I have a 2006 X Trail, bought back in the summer. The weather here in Nova Scotia Canada is starting to turn colder ( but still not to the freezing point). I notice is takes a long time for the transmission to shift into 4th gear ( auto trans). I realize it takes the trans a while warm up and reach full operating temperature but it's taking about 10 - 15 minutes to do so. I can drive approx. 12 km before this happens. Is this normal? Seems to me it should shift before this. Any comments ?

Thanks
Harvey


----------



## janarth (Oct 14, 2004)

Yes it takes some time to go in to overdrive, not forth gear. it is all depends on how bad is the temperature!
later


----------



## rogoman (Dec 16, 2004)

Harvey said:


> I notice is takes a long time for the transmission to shift into 4th gear ( auto trans).

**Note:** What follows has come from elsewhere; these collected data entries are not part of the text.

Lemma partial_moment_add6 c m y : 0 < c ->
  partial_moment c (m + 6) y
  = INR (m + 1) / (6 * c) * partial_moment c m y - weight c (m + 1) y / (6 * c).
Proof.
  intros Hc.
  set (g := fun x => INR (m + 1) * weight c m x - 6 * c * weight c (m + 6) x).
  assert (Hderiv : is_RInt g 0 y (minus (weight c (m + 1) y) (weight c (m + 1) 0))).
  { apply (is_RInt_derive (weight c (m + 1))).
    - intros x _. unfold g, weight. auto_derive; [exact I|].
      replace (Init.Nat.pred (m + 1)) with m by lia. rewrite !pow_add. simpl. ring.
    - intros x _. apply (ex_derive_continuous (V := R_NormedModule)).
      unfold g, weight. auto_derive. repeat split. }
  assert (Hlin : is_RInt g 0 y
    (INR (m + 1) * partial_moment c m y - 6 * c * partial_moment c (m + 6) y)).
  { apply (is_RInt_minus (V := R_NormedModule));
      apply (is_RInt_scal (V := R_NormedModule)); apply is_RInt_partial_moment. }
  assert (Hw0 : weight c (m + 1) 0 = 0) by (unfold weight; rewrite pow_i by lia; ring).
  apply (is_RInt_unique (V := R_CompleteNormedModule)) in Hderiv.
  apply (is_RInt_unique (V := R_CompleteNormedModule)) in Hlin. rewrite Hderiv in Hlin.
  unfold minus, plus, opp in Hlin; simpl in Hlin. rewrite Hw0 in Hlin.
  field_simplify_eq; lra.
Qed.

Lemma moment_add6 c m : 0 < c -> moment c (m + 6) = INR (m + 1) / (6 * c) * moment c m.
Proof.
  intros Hc.
  assert (Hlim :
    is_lim (partial_moment c (m + 6)) p_infty (INR (m + 1) / (6 * c) * moment c m)).
  { eapply is_lim_ext; [intros y; symmetry; apply partial_moment_add6, Hc|].
    eapply is_lim_minus;
      [apply is_lim_scal_l, is_lim_partial_moment, Hc | apply is_lim_scal_r, is_lim_weight, Hc|].
    simpl. unfold is_Rbar_minus, is_Rbar_plus. simpl. do 2 f_equal. ring. }
  apply is_lim_unique in Hlim.
  rewrite (is_lim_unique _ _ _ (is_lim_partial_moment c (m + 6) Hc)) in Hlim.
  injection Hlim. auto.
Qed.

Lemma moment_add12 c m : 0 < c ->
  moment c (m + 12) = (INR m + 1) * (INR m + 7) / (36 * c ^ 2) * moment c m.
Proof.
  intros Hc. replace (m + 12)%nat with (m + 6 + 6)%nat by lia.
  rewrite !moment_add6 by assumption. rewrite !plus_INR. simpl. field. lra.
Qed.

(** * Gamma as a moment *)

Lemma continuous_partial_moment c m y : continuous (partial_moment c m) y.
Proof.
  apply (ex_derive_continuous (V := R_NormedModule)). eexists.
  apply (is_derive_RInt (weight c m) (partial_moment c m) 0 y); [|apply continuous_weight].
  exists (mkposreal 1 Rlt_0_1). intros z _. apply is_RInt_partial_moment.
Qed.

I realize it takes the trans a while warm up and reach full operating temperature but it's taking about 10 - 15 minutes to do so. I can drive approx. 12 km before this happens. Is this normal?


Yes, it's normal. The tranny has a temperature sensor.


----------



## Harvey (Sep 30, 2012)

Thanks for the replies. My other vehicle is a Honda Civic, this vehicle will shift into overdrive within 3 - 4 km, 12 km seems like a long time to me. This my be normal, anyone else have any experience with this?

Thanks


----------